• [Task goal]: Search the records below for "written"; copy each line that has it.

══ Supplied entries ══

Lemma ntrees_node_TF u v :
  ntrees_node (u ++ true :: false :: v) =
    ((u == [::]) && (v == [::])) + ntrees_node (u ++ true :: v) + ntrees_node (u ++ false :: v).
Proof.
have [m] := ubnP (size u + size v); elim: m u v => // m IH u v lt_uv_m.
have TF u' v' d : size u' + size v' < size u + size v ->
    ntrees d (u' ++ true :: false :: v') =
    ntrees d (u' ++ true :: v') + ntrees d (u' ++ false :: v').
  by move=> lt_uv; apply: ntrees_TF_of_node; apply: IH; lia.
rewrite !ntrees_node_cat_cons -[size (false :: v)]/((size v).+1) [X in _ + X = _]big_nat_recl //.
rewrite take0 drop0 cats1 ntrees_true_last ntrees_false_head mulnb.
under eq_big_nat => i /andP[lt0i le_iu] do
  [rewrite TF ?mulnDr; last by rewrite size_drop; lia].
under [in X in _ + (_ + X) = _]eq_big_nat => j /andP[_ lt_jv] do
  [rewrite /= TF ?mulnDl; last by rewrite size_take_min; lia].
rewrite !big_split /=; lia.
Qed.

Lemma ntrees_TF d u v :
  ntrees d (u ++ true :: false :: v) = ntrees d (u ++ true :: v) + ntrees d (u ++ false :: v).
Proof. exact/ntrees_TF_of_node/ntrees_node_TF. Qed.

Definition weight (c : seq bool) : nat := ntrees false (true :: rcons c false).

Lemma weight_TF u v :
  weight (u ++ true :: false :: v) = weight (u ++ true :: v) + weight (u ++ false :: v).
Proof. by rewrite /weight !rcons_cat; apply: (ntrees_TF false (true :: u)). Qed.

Lemma weight_F v : weight (false :: v) = weight v.
Proof.
rewrite /weight (ntrees_TF false [::]) ntrees_false_head.
by case: v => [|? ?]; rewrite addn0.
Qed.

Lemma weight_T u : weight (rcons u true) = weight u.
Proof.
rewrite /weight.
have -> : true :: rcons (rcons u true) false = (true :: u) ++ [:: true, false & [::]].
  by rewrite -!cats1 -catA.
by rewrite ntrees_TF !cats1 ntrees_false_true_last.
Qed.

Lemma fiber_leaf_dirs n (c : seq bool) t : size c = n ->
  (inT n t /\ redconf t = c) <-> leaf_dirs t false = true :: rcons c false.
Proof.
move=> size_c; rewrite /inT -(size_leaf_dirs t false).
case: t => [|l r]; first by split=> [[/= /eqP //]|[]].
rewrite /redconf /endpoint_dirs /=; set w := leaf_dirs l true ++ leaf_dirs r false.
have head_w : head false w = true.
  by rewrite /w; case: (leaf_dirs l true) (leaf_dirs_neq0 l true) (head_leaf_dirs l).
have last_w : last false w = false.
  by rewrite /w last_cat; case: (leaf_dirs r false) (leaf_dirs_neq0 r false) (last_leaf_dirs r).
split=> [[size_w]|->]; last by rewrite /= size_rcons size_c -cats1 take_size_cat.
case: w head_w last_w size_w => [|x s] //= -> last_s [size_s].
case/lastP: s last_s size_s => [|s y] //; rewrite last_rcons size_rcons => -> [size_s].
by rewrite -cats1 take_size_cat // => <-; rewrite cats1.
Qed.

Lemma In_mem (T : eqType) (x : T) (s : seq T) : List.In x s <-> x \in s.
Proof.
elim: s => [|y s IH] //=; rewrite inE.
by split=> [[->|/IH ->]|/orP[/eqP->|/IH]]; rewrite ?eqxx ?orbT; auto.
Qed.

Lemma NoDup_uniq (T : eqType) (s : seq T) : List.NoDup s -> uniq s.
Proof.
elim: s => [|x s IH] //= /List.NoDup_cons_iff[x_notin_s /IH ->].
by rewrite andbT; apply/negP => /In_mem.
Qed.

Lemma length_fiber n (c : seq bool) (l : list ptree) : size c = n ->
  enumerates (fun t => inT n t /\ redconf t = c) l -> List.length l = weight c.
Proof.
move=> size_c [/NoDup_uniq uniq_l mem_l].
have -> : List.length l = size l by elim: l {uniq_l mem_l} => //= ? ? ->.
apply/perm_size/uniq_perm; rewrite ?trees_dirs_uniq // => t.
rewrite mem_trees_dirs //; apply/idP/eqP => [/In_mem/mem_l|].
  by move/(fiber_leaf_dirs _ size_c).
by move/(fiber_leaf_dirs _ size_c)/mem_l/In_mem.
Qed.

Definition set2 (c : seq bool) (i : nat) (a b : bool) : seq bool :=
  set_nth false (set_nth false c i a) i.+1 b.

Definition rem_nth (c : seq bool) (i : nat) : seq bool := take i c ++ drop i.+1 c.

Lemma nth_size_cat (u s : seq bool) x : nth false (u ++ x :: s) (size u) = x.
Proof. by rewrite nth_cat ltnn subnn. Qed.

Lemma nth_size_cat2 (u s : seq bool) x y : nth false (u ++ [:: x, y & s]) (size u).+1 = y.
Proof. by rewrite -cat_rcons -(size_rcons u x) nth_size_cat. Qed.
(* When v is orthogonal to y, the s_k and the t_k, the [dcoord_k] are its integral
   coordinates in the basis d_k, so that v^2 = 2 e6_cartan (dcoord); [pairing_terms] is
   [18 v^2 - 36 e6_cartan (dcoord)] written in the pairings of v with y, s_k and t_k.
   Large coefficients are written [a * 100 + b] since nat numerals are unary. *)
Definition pairing_terms (c : nat -> int) : int :=
  (Y c) * ((11 * 100 + 43) * (Y c) + (-15 * 100) * (S1 c) + (-(22 * 100 + 50)) * (S2 c) + (-30 * 100) * (S3 c) + (-45 * 100) * (S4 c) + (-(37 * 100 + 50)) * (S5 c) + (-(29 * 100 + 10)) * (S6 c) + (-(21 * 100 + 84)) * (T1 c) + (-108) * (T2 c) + (-(73 * 100 + 56)) * (T3 c) + (-(60 * 100 + 48)) * (T4 c) + (-(52 * 100 + 80)) * (T5 c) + (-(23 * 100 + 16)) * (T6 c) + 360 * (dcoord5 c) + (-(5 * 100 + 4)) * (dcoord6 c))
  + (S1 c) * ((-15 * 100) * (Y c) + (22 * 100 + 16) * (S1 c) + (33 * 100 + 6) * (S2 c) + (44 * 100 + 14) * (S3 c) + (66 * 100 + 12) * (S4 c) + (55 * 100 + 4) * (S5 c) + (42 * 100 + 76) * (S6 c) + (29 * 100 + 72) * (T1 c) + (-180) * (T2 c) + (105 * 100 + 40) * (T3 c) + (83 * 100 + 88) * (T4 c) + (73 * 100 + 88) * (T5 c) + (32 * 100 + 8) * (T6 c) + (-36) * (dcoord1 c) + (-480) * (dcoord5 c) + (5 * 100 + 28) * (dcoord6 c))
  + (S2 c) * ((-(22 * 100 + 50)) * (Y c) + (33 * 100 + 6) * (S1 c) + (49 * 100 + 68) * (S2 c) + (66 * 100 + 12) * (S3 c) + (99 * 100 + 18) * (S4 c) + (82 * 100 + 56) * (S5 c) + (64 * 100 + 14) * (S6 c) + (44 * 100 + 58) * (T1 c) + (-270) * (T2 c) + (158 * 100 + 10) * (T3 c) + (125 * 100 + 82) * (T4 c) + (110 * 100 + 82) * (T5 c) + (48 * 100 + 12) * (T6 c) + (-36) * (dcoord2 c) + (-(7 * 100 + 20)) * (dcoord5 c) + (7 * 100 + 92) * (dcoord6 c))
  + (S3 c) * ((-30 * 100) * (Y c) + (44 * 100 + 14) * (S1 c) + (66 * 100 + 12) * (S2 c) + (88 * 100 + 28) * (S3 c) + (132 * 100 + 24) * (S4 c) + (110 * 100 + 8) * (S5 c) + (85 * 100 + 52) * (S6 c) + (59 * 100 + 44) * (T1 c) + (-360) * (T2 c) + (210 * 100 + 80) * (T3 c) + (167 * 100 + 76) * (T4 c) + (147 * 100 + 76) * (T5 c) + (64 * 100 + 16) * (T6 c) + (-36) * (dcoord3 c) + (-(9 * 100 + 60)) * (dcoord5 c) + (10 * 100 + 56) * (dcoord6 c))
  + (S4 c) * ((-45 * 100) * (Y c) + (66 * 100 + 12) * (S1 c) + (99 * 100 + 18) * (S2 c) + (132 * 100 + 24) * (S3 c) + (198 * 100 + 36) * (S4 c) + (165 * 100 + 12) * (S5 c) + (128 * 100 + 28) * (S6 c) + (89 * 100 + 16) * (T1 c) + (-(5 * 100 + 40)) * (T2 c) + (316 * 100 + 20) * (T3 c) + (251 * 100 + 64) * (T4 c) + (221 * 100 + 64) * (T5 c) + (96 * 100 + 24) * (T6 c) + (-36) * (dcoord4 c) + (-(14 * 100 + 40)) * (dcoord5 c) + (15 * 100 + 84) * (dcoord6 c))
  + (S5 c) * ((-(37 * 100 + 50)) * (Y c) + (55 * 100 + 4) * (S1 c) + (82 * 100 + 56) * (S2 c) + (110 * 100 + 8) * (S3 c) + (165 * 100 + 12) * (S4 c) + (137 * 100 + 60) * (S5 c) + (106 * 100 + 90) * (S6 c) + (74 * 100 + 30) * (T1 c) + (-450) * (T2 c) + (263 * 100 + 50) * (T3 c) + (209 * 100 + 70) * (T4 c) + (184 * 100 + 70) * (T5 c) + (80 * 100 + 20) * (T6 c) + (-(12 * 100 + 36)) * (dcoord5 c) + (13 * 100 + 20) * (dcoord6 c))
  + (S6 c) * ((-(29 * 100 + 10)) * (Y c) + (42 * 100 + 76) * (S1 c) + (64 * 100 + 14) * (S2 c) + (85 * 100 + 52) * (S3 c) + (128 * 100 + 28) * (S4 c) + (106 * 100 + 90) * (S5 c) + (83 * 100 + 12) * (S6 c) + (57 * 100 + 70) * (T1 c) + (-360) * (T2 c) + (204 * 100 + 80) * (T3 c) + (162 * 100 + 90) * (T4 c) + (143 * 100 + 50) * (T5 c) + (62 * 100 + 30) * (T6 c) + (-(9 * 100 + 60)) * (dcoord5 c) + (10 * 100 + 20) * (dcoord6 c))
  + (T1 c) * ((-(21 * 100 + 84)) * (Y c) + (29 * 100 + 72) * (S1 c) + (44 * 100 + 58) * (S2 c) + (59 * 100 + 44) * (S3 c) + (89 * 100 + 16) * (S4 c) + (74 * 100 + 30) * (S5 c) + (57 * 100 + 70) * (S6 c) + (42 * 100 + 32) * (T1 c) + 54 * (T2 c) + (144 * 100 + 82) * (T3 c) + (117 * 100 + 72) * (T4 c) + (103 * 100 + 4) * (T5 c) + (45 * 100 + 4) * (T6 c) + (-(6 * 100 + 96)) * (dcoord5 c) + (8 * 100 + 88) * (dcoord6 c))
  + (T2 c) * ((-108) * (Y c) + (-180) * (S1 c) + (-270) * (S2 c) + (-360) * (S3 c) + (-(5 * 100 + 40)) * (S4 c) + (-450) * (S5 c) + (-360) * (S6 c) + 54 * (T1 c) + 468 * (T2 c) + (-(5 * 100 + 40)) * (T3 c) + (-54) * (T4 c) + (-144) * (T5 c) + (-18) * (T6 c) + 216 * (dcoord6 c))
  + (T3 c) * ((-(73 * 100 + 56)) * (Y c) + (105 * 100 + 40) * (S1 c) + (158 * 100 + 10) * (S2 c) + (210 * 100 + 80) * (S3 c) + (316 * 100 + 20) * (S4 c) + (263 * 100 + 50) * (S5 c) + (204 * 100 + 80) * (S6 c) + (144 * 100 + 82) * (T1 c) + (-(5 * 100 + 40)) * (T2 c) + ((5 * 100 + 8) * 100 + 28) * (T3 c) + (407 * 100 + 16) * (T4 c) + (357 * 100 + 88) * (T5 c) + (155 * 100 + 72) * (T6 c) + (-24 * 100) * (dcoord5 c) + (27 * 100 + 12) * (dcoord6 c))
  + (T4 c) * ((-(60 * 100 + 48)) * (Y c) + (83 * 100 + 88) * (S1 c) + (125 * 100 + 82) * (S2 c) + (167 * 100 + 76) * (S3 c) + (251 * 100 + 64) * (S4 c) + (209 * 100 + 70) * (S5 c) + (162 * 100 + 90) * (S6 c) + (117 * 100 + 72) * (T1 c) + (-54) * (T2 c) + (407 * 100 + 16) * (T3 c) + (329 * 100 + 40) * (T4 c) + (288 * 100 + 72) * (T5 c) + (126 * 100) * (T6 c) + (-(19 * 100 + 44)) * (dcoord5 c) + (23 * 100 + 76) * (dcoord6 c))
  + (T5 c) * ((-(52 * 100 + 80)) * (Y c) + (73 * 100 + 88) * (S1 c) + (110 * 100 + 82) * (S2 c) + (147 * 100 + 76) * (S3 c) + (221 * 100 + 64) * (S4 c) + (184 * 100 + 70) * (S5 c) + (143 * 100 + 50) * (S6 c) + (103 * 100 + 4) * (T1 c) + (-144) * (T2 c) + (357 * 100 + 88) * (T3 c) + (288 * 100 + 72) * (T4 c) + (253 * 100 + 40) * (T5 c) + (110 * 100 + 50) * (T6 c) + (-(17 * 100 + 4)) * (dcoord5 c) + (20 * 100 + 40) * (dcoord6 c))
  + (T6 c) * ((-(23 * 100 + 16)) * (Y c) + (32 * 100 + 8) * (S1 c) + (48 * 100 + 12) * (S2 c) + (64 * 100 + 16) * (S3 c) + (96 * 100 + 24) * (S4 c) + (80 * 100 + 20) * (S5 c) + (62 * 100 + 30) * (S6 c) + (45 * 100 + 4) * (T1 c) + (-18) * (T2 c) + (155 * 100 + 72) * (T3 c) + (126 * 100) * (T4 c) + (110 * 100 + 50) * (T5 c) + (48 * 100 + 32) * (T6 c) + (-(7 * 100 + 44)) * (dcoord5 c) + (9 * 100 + 12) * (dcoord6 c)).

Lemma formL_decomp_diff c : 18 * formL c c =
  36 * e6_cartan (dcoord1 c) (dcoord2 c) (dcoord3 c) (dcoord4 c) (dcoord5 c) (dcoord6 c)
  + pairing_terms c.
Proof.
rewrite /e6_cartan /pairing_terms /dcoord1 /dcoord2 /dcoord3 /dcoord4 /dcoord5 /dcoord6.
rewrite /Y /S1 /S2 /S3 /S4 /S5 /S6 /T1 /T2 /T3 /T4 /T5 /T6 /pairing /formL /e8_block /=.
ring.
Qed.

Lemma e6_dual_ge0 z1 z2 z3 z4 z5 z6 : 0 <= e6_dual z1 z2 z3 z4 z5 z6.
Proof.
have sos : 20 * e6_dual z1 z2 z3 z4 z5 z6 =
    5 * (4*z1 + 3*z2 + 5*z3 + 6*z4 + 4*z5 + 2*z6) ^+ 2
  + 3 * (5*z2 + 3*z3 + 6*z4 + 4*z5 + 2*z6) ^+ 2 + 3 * (4*z3 + 3*z4 + 2*z5 + z6) ^+ 2
  + 5 * (3*z4 + 2*z5 + z6) ^+ 2 + 10 * (2*z5 + z6) ^+ 2 + 30 * z6 ^+ 2.
  by rewrite /e6_dual; ring.
have : 0 <= 20 * e6_dual z1 z2 z3 z4 z5 z6 by rewrite sos !addr_ge0 // mulr_ge0 // sqr_ge0.
by rewrite pmulr_rge0.
Qed.

(* Each case evaluates [e6_dual] at [2 z - z_i r_i] for a suitable integral vector [r_i],
   which gives [4 e6_dual z - 6 z_i^2 >= 0]. *)
Lemma e6_dual_coord_le z1 z2 z3 z4 z5 z6 z : z \in [:: z1; z2; z3; z4; z5; z6] ->
  3 * (z * z) <= 2 * e6_dual z1 z2 z3 z4 z5 z6.
Proof.
set q := e6_dual _ _ _ _ _ _.
have bound w zi : 0 <= w -> w = 4 * q - 6 * (zi * zi) -> 3 * (zi * zi) <= 2 * q.
  by move=> w0 ew; lia.
rewrite !inE => /or4P[|||/or3P[||]] /eqP ->; [
  apply: (bound _ _ (e6_dual_ge0 0 (2*z2) (2*z3 + z1) (2*z4) (2*z5) (2*z6))) |
  apply: (bound _ _ (e6_dual_ge0 (2*z1) 0 (2*z3) (2*z4 + z2) (2*z5) (2*z6))) |
  apply: (bound _ _ (e6_dual_ge0 (2*z1 + z3) (2*z2) 0 (2*z4 + z3) (2*z5) (2*z6))) |
  apply: (bound _ _ (e6_dual_ge0 (2*z1) (2*z2 + z4) (2*z3 + z4) 0 (2*z5 + z4) (2*z6))) |
  apply: (bound _ _ (e6_dual_ge0 (2*z1) (2*z2) (2*z3) (2*z4 + z5) 0 (2*z6 + z5))) |
  apply: (bound _ _ (e6_dual_ge0 (2*z1) (2*z2) (2*z3) (2*z4) (2*z5 + z6) 0)) ];
  by rewrite /q /e6_dual; ring.
Qed.

Lemma e6_cartan_even z1 z2 z3 z4 z5 z6 : exists k, e6_cartan z1 z2 z3 z4 z5 z6 = 2 * k.
Proof. by eexists; rewrite /e6_cartan -mulrBr. Qed.

Lemma wpairings_sq_le c : formL c c <= 6 ->
  forall w, w \in wpairings c -> w * w <= 24 + 2 * (Y c * Y c).
Proof.
move=> Q6 w w_in; have := formL_decomp c; rewrite expr2.
have := e6_dual_ge0 (D1 c) (D2 c) (D3 c) (D4 c) (D5 c) (D6 c).
have := e6_dual_ge0 (S1 c) (S2 c) (S3 c) (S4 c) (S5 c) (S6 c).
have := e6_dual_ge0 (T1 c) (T2 c) (T3 c) (T4 c) (T5 c) (T6 c).
have coordS := @e6_dual_coord_le (S1 c) (S2 c) (S3 c) (S4 c) (S5 c) (S6 c) w.
have coordT := @e6_dual_coord_le (T1 c) (T2 c) (T3 c) (T4 c) (T5 c) (T6 c) w.
move: coordS coordT; set qS := e6_dual (S1 c) _ _ _ _ _; set qT := e6_dual (T1 c) _ _ _ _ _.
set qD := e6_dual (D1 c) _ _ _ _ _.
have : w \in [:: S1 c; S2 c; S3 c; S4 c; S5 c; S6 c]
           ++ [:: T1 c; T2 c; T3 c; T4 c; T5 c; T6 c] := w_in.
by rewrite mem_cat => /orP[wS|wT] cS cT; [move: (cS wS) | move: (cT wT)]; lia.
Qed.

Lemma formL_mod4 c : Y c = 0 -> wpairings c = nseq 12 0 -> exists k, formL c c = 4 * k.
Proof.
move=> y0 ws0.
have : [:: S1 c; S2 c; S3 c; S4 c; S5 c; S6 c; T1 c; T2 c; T3 c; T4 c; T5 c; T6 c]
  = nseq 12 0 := ws0.
case=> s1 s2 s3 s4 s5 s6 t1 t2 t3 t4 t5 t6.
have pt0 : pairing_terms c = 0.
  rewrite /pairing_terms y0 s1 s2 s3 s4 s5 s6 t1 t2 t3 t4 t5 t6.
  ring.
have := formL_decomp_diff c; rewrite pt0 addr0.
have [k ->] :=
  e6_cartan_even (dcoord1 c) (dcoord2 c) (dcoord3 c) (dcoord4 c) (dcoord5 c) (dcoord6 c).
by exists k; lia.
Qed.

Lemma base_point_pairing_neq0 (R : realType) c : formL c c = 2 \/ formL c c = 6 ->
  (Y c)%:~R + decimal R (wpairings c) != 0.
Proof.
move=> Q26; have Q6 : formL c c <= 6 by case: Q26 => ->.
have wB := @wpairings_sq_le c Q6.
apply/eqP => sum0.
have [y0|y0] := eqVneq (Y c) 0.
  have w4 w : w \in wpairings c -> `|w| <= 4.
    by move=> /wB; rewrite y0 mulr0 addr0 => ?; nia.
  move: sum0; rewrite y0 add0r => /(@decimal_eq0 R 4 _ isT w4) ws0.
  have [k Qk] := @formL_mod4 c y0 ws0.
  by case: Q26; rewrite Qk; lia.
have w6 w : w \in wpairings c -> `|w| <= 6 * `|Y c|.
  move=> /wB wY; rewrite -ler_sqr ?nnegrE ?mulr_ge0 // exprMn !real_normK ?num_real //.
  by rewrite !expr2; nia.
have B0 : 0 <= 6 * `|Y c| by rewrite mulr_ge0.
have := @decimal_norm_le R _ _ B0 w6.
have -> : decimal R (wpairings c) = - (Y c)%:~R by move: sum0; lra.
rewrite normrN intrM -intr_norm.
have : (0 : R) < `|Y c|%:~R by rewrite ltr0z normr_gt0.
lra.
Qed.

═══

• [Exercise solution]:
   [18 v^2 - 36 e6_cartan (dcoord)] written in the pairings of v with y, s_k and t_k.
   Large coefficients are written [a * 100 + b] since nat numerals are unary. *)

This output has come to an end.